### DATASET ENTRIES:
(* Let $\sigma_w^2=0$. Then $(\alpha,\sigma^2)=(1,0)$ is a fixed point of the real SE map. Let $\delta_{\mathrm{global}}:=1+\frac{4}{\pi^2}$. If $\delta>\delta_{\mathrm{global}}$, there exist $\epsilon_1>0,\epsilon_2>0$ such that for all $\alpha_0\in(1-\epsilon_1,1)$ and $\sigma_0^2\in(0,\epsilon_2)$ the real SE sequences satisfy $\alpha_t\to1$, $\sigma_t^2\to0$. If $\delta<\delta_{\mathrm{global}}$, the real SE sequences cannot converge to $(1,0)$ unless $(\alpha_0,\sigma_0^2)=(1,0)$.
   Context: Real state evolution. Fix $\delta>0$, $\sigma_w^2\ge0$. For $\alpha\in\mathbb{R}$, $\sigma^2\ge0$, $(\alpha,\sigma^2)\ne(0,0)$, with $\sigma=\sqrt{\sigma^2}$ and the convention $\arctan(\alpha/0)=\frac\pi2\,\mathrm{sign}(\alpha)$, define $$\psi_1(\alpha,\sigma^2)=\frac2\pi\arctan\Big(\frac\alpha\sigma\Big),\qquad \psi_2(\alpha,\sigma^2;\delta,\sigma_w^2)=\frac1\delta\Big[\alpha^2+\sigma^2+1-\frac{4\sigma}{\pi}-\frac{4\alpha}{\pi}\arctan\Big(\frac\alpha\sigma\Big)\Big]+\sigma_w^2 .$$ The real SE sequences are $\alpha_{t+1}=\psi_1(\alpha_t,\sigma_t^2)$, $\sigma_{t+1}^2=\psi_2(\alpha_t,\sigma_t^2;\delta,\sigma_w^2)$, $t\ge0$. *)

From Stdlib Require Import Reals.
Open Scope R_scope.

Definition sgn (x : R) : R :=
  if Rlt_dec 0 x then 1 else if Rlt_dec x 0 then -1 else 0.

Definition arctan_ratio (alpha sigma : R) : R :=
  if Req_EM_T sigma 0 then PI / 2 * sgn alpha else atan (alpha / sigma).

Definition psi1 (alpha s2 : R) : R :=
  2 / PI * arctan_ratio alpha (sqrt s2).

Definition psi2 (alpha s2 delta sw2 : R) : R :=
  / delta * (alpha ^ 2 + s2 + 1 - 4 * sqrt s2 / PI
             - 4 * alpha / PI * arctan_ratio alpha (sqrt s2)) + sw2.

Fixpoint SE (delta sw2 alpha0 s0 : R) (t : nat) : R * R :=
  match t with
  | O => (alpha0, s0)
  | S t' => let p := SE delta sw2 alpha0 s0 t' in
            (psi1 (fst p) (snd p), psi2 (fst p) (snd p) delta sw2)
  end.

Definition delta_global : R := 1 + 4 / PI ^ 2.

From Stdlib Require Import Reals Lra Psatz Lia.
Open Scope R_scope.

(* In the variables u = (1 - alpha)^2 and sigma^2 the SE map linearises at (1, 0)
   to (u, sigma^2) |-> (4/pi^2 sigma^2, (u + sigma^2) / delta), whose Perron root
   lam solves delta lam^2 = lam + 4/pi^2; it satisfies lam < 1 exactly when
   delta > delta_global.  The weighted energy V = (1 - alpha)^2 + lam delta sigma^2
   satisfies V' = lam V under the linearisation, so near (1, 0) one SE step multiplies
   V by a factor between (1 - e) lam and (1 + e) lam.  Above delta_global this makes
   V decay geometrically; below it V grows geometrically, so an orbit converging to
   (1, 0) must hit (1, 0) exactly, and (1, 0) has no preimage but itself. *)

Lemma PI_gt_3 : 3 < PI.
Proof. pose proof PI2_3_2; lra. Qed.

Lemma four_div_PI_le_2 : 4 / PI <= 2.
Proof.
  pose proof PI_gt_3. apply Rmult_le_reg_r with PI; [lra|].
  unfold Rdiv; rewrite Rmult_assoc, Rinv_l; lra.
Qed.

Lemma arctan_ratio_0_l (s : R) : arctan_ratio 0 s = 0.
Proof.
  unfold arctan_ratio, sgn. destruct (Req_EM_T s 0).
  - destruct (Rlt_dec 0 0); [lra|]. destruct (Rlt_dec 0 0); lra.
  - unfold Rdiv; rewrite Rmult_0_l. apply atan_0.
Qed.

Lemma arctan_ratio_opp (a s : R) : arctan_ratio (- a) s = - arctan_ratio a s.
Proof.
  unfold arctan_ratio, sgn. destruct (Req_EM_T s 0).
  - destruct (Rlt_dec 0 (- a)), (Rlt_dec 0 a); try lra;
      destruct (Rlt_dec (- a) 0), (Rlt_dec a 0); lra.
  - unfold Rdiv; rewrite Ropp_mult_distr_l_reverse. apply atan_opp.
Qed.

### BRIEF:
Go to the line in the material above that contains "(* In the variables" and copy exactly from there through the line that contains "delta > delta_global.", stopping after it.

### TASK RESULT:
(* In the variables u = (1 - alpha)^2 and sigma^2 the SE map linearises at (1, 0)
   to (u, sigma^2) |-> (4/pi^2 sigma^2, (u + sigma^2) / delta), whose Perron root
   lam solves delta lam^2 = lam + 4/pi^2; it satisfies lam < 1 exactly when
   delta > delta_global.  The weighted energy V = (1 - alpha)^2 + lam delta sigma^2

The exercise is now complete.